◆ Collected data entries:
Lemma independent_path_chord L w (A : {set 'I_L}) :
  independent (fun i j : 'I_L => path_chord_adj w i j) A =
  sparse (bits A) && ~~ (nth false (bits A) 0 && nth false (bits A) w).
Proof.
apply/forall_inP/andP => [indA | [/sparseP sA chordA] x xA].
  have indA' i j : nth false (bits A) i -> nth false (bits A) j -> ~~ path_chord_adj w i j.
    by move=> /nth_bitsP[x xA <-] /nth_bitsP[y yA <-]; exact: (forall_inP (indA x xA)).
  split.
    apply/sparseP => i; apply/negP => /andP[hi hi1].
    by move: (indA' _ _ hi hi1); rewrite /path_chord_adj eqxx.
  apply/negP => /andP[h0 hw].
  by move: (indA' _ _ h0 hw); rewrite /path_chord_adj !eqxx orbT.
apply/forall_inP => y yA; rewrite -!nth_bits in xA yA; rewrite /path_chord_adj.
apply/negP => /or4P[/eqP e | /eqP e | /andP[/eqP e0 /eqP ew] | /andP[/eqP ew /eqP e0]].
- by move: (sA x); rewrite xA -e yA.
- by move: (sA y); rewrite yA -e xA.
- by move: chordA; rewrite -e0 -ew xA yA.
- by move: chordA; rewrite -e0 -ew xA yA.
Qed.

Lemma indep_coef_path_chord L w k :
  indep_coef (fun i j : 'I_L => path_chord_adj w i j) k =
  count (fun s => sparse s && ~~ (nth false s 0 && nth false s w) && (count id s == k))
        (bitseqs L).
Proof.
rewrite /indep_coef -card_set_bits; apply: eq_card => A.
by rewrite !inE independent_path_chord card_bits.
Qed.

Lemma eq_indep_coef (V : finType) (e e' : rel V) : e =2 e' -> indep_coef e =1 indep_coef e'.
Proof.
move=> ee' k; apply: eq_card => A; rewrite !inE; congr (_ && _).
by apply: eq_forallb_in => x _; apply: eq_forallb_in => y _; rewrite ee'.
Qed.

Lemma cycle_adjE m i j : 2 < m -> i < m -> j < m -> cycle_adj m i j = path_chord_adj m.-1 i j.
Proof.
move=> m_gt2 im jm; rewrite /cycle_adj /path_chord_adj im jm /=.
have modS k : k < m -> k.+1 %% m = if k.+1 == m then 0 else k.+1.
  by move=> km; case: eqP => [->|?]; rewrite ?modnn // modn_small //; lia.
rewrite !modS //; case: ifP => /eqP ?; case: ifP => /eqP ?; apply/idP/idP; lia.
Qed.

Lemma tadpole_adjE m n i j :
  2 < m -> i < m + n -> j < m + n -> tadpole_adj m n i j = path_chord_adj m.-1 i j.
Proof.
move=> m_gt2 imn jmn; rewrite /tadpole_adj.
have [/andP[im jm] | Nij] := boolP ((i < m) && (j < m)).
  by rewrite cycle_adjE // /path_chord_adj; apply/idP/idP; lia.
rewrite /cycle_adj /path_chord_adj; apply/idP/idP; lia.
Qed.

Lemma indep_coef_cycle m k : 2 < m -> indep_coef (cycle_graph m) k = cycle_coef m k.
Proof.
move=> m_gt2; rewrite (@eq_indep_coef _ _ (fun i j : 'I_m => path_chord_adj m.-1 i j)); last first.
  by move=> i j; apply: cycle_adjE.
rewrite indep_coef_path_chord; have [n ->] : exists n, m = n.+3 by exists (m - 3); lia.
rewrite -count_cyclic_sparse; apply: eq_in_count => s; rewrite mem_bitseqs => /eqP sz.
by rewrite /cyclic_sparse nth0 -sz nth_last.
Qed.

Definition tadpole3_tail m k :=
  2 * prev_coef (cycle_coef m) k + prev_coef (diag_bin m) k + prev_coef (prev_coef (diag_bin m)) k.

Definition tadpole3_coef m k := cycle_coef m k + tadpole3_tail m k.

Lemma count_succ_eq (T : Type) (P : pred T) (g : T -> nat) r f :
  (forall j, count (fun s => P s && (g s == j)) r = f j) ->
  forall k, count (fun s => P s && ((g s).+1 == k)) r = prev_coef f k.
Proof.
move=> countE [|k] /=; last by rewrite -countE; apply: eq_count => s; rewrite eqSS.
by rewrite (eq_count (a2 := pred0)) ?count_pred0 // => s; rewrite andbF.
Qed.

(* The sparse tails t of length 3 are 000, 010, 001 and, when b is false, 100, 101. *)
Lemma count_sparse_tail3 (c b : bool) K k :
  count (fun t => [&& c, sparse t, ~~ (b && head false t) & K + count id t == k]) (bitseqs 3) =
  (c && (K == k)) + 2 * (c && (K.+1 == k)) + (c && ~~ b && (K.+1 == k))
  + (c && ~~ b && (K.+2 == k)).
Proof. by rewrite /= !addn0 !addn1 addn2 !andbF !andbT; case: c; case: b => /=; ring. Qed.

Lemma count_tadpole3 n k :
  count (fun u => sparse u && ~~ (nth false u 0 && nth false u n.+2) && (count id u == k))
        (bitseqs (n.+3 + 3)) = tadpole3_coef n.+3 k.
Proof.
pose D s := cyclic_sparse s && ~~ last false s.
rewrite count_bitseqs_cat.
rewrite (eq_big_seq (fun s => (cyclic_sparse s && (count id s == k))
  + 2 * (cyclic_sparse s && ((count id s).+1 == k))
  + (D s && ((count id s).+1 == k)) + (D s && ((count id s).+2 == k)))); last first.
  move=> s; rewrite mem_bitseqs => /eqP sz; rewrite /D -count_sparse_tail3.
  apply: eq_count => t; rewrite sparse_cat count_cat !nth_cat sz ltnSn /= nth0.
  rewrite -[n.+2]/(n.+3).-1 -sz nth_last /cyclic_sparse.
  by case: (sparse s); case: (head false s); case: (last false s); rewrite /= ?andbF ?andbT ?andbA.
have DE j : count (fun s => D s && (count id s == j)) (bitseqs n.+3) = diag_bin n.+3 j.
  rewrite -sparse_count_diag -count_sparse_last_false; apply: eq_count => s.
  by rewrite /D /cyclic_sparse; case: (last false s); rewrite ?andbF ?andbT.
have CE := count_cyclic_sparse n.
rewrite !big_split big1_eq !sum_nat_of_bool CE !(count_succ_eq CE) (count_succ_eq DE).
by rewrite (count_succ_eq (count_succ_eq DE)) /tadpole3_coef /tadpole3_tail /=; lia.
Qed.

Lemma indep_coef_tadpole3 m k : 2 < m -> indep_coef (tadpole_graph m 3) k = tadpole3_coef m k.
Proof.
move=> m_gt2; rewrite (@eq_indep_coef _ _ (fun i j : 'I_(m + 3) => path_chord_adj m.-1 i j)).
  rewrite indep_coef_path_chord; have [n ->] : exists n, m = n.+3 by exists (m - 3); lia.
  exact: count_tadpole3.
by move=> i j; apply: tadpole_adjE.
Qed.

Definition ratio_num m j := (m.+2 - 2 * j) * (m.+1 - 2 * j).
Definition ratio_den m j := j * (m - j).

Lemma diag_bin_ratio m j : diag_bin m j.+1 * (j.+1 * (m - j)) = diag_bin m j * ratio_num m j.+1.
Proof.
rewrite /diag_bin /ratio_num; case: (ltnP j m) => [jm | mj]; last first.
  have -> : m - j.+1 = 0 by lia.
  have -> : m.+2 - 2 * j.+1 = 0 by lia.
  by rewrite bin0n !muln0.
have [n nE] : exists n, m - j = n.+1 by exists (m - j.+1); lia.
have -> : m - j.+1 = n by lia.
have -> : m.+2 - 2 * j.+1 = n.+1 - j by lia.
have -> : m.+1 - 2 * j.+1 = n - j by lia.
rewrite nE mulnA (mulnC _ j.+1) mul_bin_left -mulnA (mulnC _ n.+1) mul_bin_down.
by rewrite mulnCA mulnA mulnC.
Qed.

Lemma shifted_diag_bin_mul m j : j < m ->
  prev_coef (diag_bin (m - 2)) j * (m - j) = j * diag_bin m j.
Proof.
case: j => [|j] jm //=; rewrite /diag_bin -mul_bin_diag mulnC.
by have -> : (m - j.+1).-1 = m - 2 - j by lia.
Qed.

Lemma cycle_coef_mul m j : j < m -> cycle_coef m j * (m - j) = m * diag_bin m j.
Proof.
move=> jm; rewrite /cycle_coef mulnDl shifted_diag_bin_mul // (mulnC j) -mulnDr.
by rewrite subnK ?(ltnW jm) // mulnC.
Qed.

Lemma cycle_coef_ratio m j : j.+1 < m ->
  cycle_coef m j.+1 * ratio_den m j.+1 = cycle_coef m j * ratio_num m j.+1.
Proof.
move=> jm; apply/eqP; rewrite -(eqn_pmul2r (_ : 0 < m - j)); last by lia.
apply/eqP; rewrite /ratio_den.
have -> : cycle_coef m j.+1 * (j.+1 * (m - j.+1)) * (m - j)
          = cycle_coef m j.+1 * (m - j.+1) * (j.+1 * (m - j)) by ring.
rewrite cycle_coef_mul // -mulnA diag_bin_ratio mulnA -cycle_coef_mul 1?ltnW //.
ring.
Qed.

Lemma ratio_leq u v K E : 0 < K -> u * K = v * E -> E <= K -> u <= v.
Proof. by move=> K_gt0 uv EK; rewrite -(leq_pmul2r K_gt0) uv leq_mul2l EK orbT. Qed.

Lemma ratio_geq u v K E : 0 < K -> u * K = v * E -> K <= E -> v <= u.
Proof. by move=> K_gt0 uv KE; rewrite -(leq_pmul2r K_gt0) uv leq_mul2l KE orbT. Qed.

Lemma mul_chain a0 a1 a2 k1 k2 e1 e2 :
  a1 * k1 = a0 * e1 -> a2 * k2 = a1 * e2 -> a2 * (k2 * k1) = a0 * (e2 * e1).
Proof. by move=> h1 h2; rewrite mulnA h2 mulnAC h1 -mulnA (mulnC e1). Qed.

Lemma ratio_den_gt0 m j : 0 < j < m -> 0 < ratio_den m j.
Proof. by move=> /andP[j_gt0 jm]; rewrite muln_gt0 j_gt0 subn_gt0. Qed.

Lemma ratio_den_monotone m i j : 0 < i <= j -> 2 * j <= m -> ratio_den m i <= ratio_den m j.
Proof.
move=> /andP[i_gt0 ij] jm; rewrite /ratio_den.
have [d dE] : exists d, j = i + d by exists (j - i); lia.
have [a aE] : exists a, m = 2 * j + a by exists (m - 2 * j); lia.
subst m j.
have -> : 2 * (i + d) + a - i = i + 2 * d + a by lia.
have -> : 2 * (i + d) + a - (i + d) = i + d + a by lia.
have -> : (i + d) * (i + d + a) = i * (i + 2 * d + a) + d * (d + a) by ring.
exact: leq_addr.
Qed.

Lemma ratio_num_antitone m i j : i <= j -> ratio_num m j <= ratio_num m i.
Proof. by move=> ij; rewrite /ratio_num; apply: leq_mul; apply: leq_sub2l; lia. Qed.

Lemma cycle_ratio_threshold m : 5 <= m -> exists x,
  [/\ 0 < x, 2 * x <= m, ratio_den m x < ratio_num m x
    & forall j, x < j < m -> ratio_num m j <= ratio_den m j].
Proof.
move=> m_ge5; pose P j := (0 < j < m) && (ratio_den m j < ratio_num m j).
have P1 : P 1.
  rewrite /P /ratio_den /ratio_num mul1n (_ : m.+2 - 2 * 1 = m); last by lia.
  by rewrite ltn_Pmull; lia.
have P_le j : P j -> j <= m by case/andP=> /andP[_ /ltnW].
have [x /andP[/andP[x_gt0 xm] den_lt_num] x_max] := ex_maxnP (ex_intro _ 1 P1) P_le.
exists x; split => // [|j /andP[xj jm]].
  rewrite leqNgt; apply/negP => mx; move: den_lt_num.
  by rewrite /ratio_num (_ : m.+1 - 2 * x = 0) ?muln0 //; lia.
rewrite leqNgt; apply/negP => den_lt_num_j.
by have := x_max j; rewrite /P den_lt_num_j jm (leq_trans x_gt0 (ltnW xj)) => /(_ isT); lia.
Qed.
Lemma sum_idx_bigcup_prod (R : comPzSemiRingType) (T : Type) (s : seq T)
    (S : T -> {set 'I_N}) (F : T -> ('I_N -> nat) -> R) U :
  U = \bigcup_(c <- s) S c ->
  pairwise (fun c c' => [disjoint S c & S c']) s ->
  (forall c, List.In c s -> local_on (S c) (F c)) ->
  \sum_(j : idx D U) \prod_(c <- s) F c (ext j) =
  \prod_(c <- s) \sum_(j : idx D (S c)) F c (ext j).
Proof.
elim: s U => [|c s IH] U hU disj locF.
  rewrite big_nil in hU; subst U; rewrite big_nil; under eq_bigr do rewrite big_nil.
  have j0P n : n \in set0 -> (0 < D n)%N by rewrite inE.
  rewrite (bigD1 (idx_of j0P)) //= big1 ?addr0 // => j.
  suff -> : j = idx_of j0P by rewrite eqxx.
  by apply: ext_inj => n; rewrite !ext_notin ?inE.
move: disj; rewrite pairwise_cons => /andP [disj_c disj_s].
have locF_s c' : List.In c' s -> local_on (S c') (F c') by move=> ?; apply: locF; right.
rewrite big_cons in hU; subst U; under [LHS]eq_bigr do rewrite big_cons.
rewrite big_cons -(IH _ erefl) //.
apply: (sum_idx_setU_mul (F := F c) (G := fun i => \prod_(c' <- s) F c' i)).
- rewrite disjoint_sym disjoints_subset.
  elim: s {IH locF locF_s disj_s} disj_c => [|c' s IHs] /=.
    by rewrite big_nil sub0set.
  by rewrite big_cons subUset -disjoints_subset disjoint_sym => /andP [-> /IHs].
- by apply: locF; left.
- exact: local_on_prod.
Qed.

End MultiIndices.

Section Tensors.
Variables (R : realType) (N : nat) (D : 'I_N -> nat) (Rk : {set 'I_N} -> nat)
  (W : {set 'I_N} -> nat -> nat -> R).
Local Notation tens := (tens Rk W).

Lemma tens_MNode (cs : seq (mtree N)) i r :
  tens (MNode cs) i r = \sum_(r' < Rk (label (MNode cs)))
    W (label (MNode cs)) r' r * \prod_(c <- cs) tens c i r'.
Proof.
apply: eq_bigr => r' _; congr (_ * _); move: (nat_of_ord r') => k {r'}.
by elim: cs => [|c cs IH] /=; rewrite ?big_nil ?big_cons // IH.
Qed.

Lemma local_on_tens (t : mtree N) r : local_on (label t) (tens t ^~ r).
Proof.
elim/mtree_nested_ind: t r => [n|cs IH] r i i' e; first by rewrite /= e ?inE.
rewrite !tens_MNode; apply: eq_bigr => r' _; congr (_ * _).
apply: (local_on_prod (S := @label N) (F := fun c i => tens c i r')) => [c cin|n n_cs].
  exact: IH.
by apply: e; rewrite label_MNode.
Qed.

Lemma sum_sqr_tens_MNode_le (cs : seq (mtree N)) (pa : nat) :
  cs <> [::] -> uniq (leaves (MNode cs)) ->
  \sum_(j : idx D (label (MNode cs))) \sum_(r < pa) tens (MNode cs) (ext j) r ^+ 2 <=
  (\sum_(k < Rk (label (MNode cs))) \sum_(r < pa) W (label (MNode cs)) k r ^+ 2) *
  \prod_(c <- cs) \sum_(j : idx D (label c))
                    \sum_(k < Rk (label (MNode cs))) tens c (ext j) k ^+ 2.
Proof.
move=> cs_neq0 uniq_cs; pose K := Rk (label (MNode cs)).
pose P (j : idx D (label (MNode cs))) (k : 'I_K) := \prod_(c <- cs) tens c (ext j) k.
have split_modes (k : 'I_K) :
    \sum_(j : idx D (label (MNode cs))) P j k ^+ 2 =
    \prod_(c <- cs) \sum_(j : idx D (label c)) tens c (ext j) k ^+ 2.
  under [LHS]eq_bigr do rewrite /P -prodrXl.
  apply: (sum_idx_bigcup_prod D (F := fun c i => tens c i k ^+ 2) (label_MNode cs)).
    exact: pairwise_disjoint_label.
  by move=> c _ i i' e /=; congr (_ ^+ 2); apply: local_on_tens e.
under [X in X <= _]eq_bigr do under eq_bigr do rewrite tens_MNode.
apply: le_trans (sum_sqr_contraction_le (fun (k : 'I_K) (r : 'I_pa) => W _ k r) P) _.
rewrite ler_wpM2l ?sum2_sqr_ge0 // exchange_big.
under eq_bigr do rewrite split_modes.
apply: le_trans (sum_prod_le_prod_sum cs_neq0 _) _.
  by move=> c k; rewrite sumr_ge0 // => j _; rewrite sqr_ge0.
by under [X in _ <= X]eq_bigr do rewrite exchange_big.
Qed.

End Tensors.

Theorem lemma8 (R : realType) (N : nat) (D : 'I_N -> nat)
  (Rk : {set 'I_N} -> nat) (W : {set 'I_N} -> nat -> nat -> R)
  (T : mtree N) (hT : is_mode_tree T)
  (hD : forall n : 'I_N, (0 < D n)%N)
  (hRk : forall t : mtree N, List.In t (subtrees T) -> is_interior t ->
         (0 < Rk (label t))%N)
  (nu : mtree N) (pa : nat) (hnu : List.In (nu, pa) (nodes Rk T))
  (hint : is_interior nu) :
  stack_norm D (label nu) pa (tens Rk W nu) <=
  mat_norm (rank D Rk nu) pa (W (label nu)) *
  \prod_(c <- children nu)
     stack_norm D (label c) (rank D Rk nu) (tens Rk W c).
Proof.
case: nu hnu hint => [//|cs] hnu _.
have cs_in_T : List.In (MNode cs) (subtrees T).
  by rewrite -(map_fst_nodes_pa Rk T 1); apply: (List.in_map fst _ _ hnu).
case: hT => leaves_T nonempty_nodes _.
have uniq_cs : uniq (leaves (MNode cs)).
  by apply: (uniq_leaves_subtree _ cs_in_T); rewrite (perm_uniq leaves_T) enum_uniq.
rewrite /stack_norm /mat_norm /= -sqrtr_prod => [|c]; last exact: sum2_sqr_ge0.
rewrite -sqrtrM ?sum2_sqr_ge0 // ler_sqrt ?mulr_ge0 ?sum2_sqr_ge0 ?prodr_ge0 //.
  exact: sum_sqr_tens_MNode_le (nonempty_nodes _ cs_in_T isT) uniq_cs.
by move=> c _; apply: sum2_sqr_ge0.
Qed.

◆ Task details: Using the data above, print exactly the lines from the line that contains "sparse (bits A)" through the line that contains "apply/negP => /andP[h0 hw].", with both included.

◆ Solution below:
  sparse (bits A) && ~~ (nth false (bits A) 0 && nth false (bits A) w).
Proof.
apply/forall_inP/andP => [indA | [/sparseP sA chordA] x xA].
  have indA' i j : nth false (bits A) i -> nth false (bits A) j -> ~~ path_chord_adj w i j.
    by move=> /nth_bitsP[x xA <-] /nth_bitsP[y yA <-]; exact: (forall_inP (indA x xA)).
  split.
    apply/sparseP => i; apply/negP => /andP[hi hi1].
    by move: (indA' _ _ hi hi1); rewrite /path_chord_adj eqxx.
  apply/negP => /andP[h0 hw].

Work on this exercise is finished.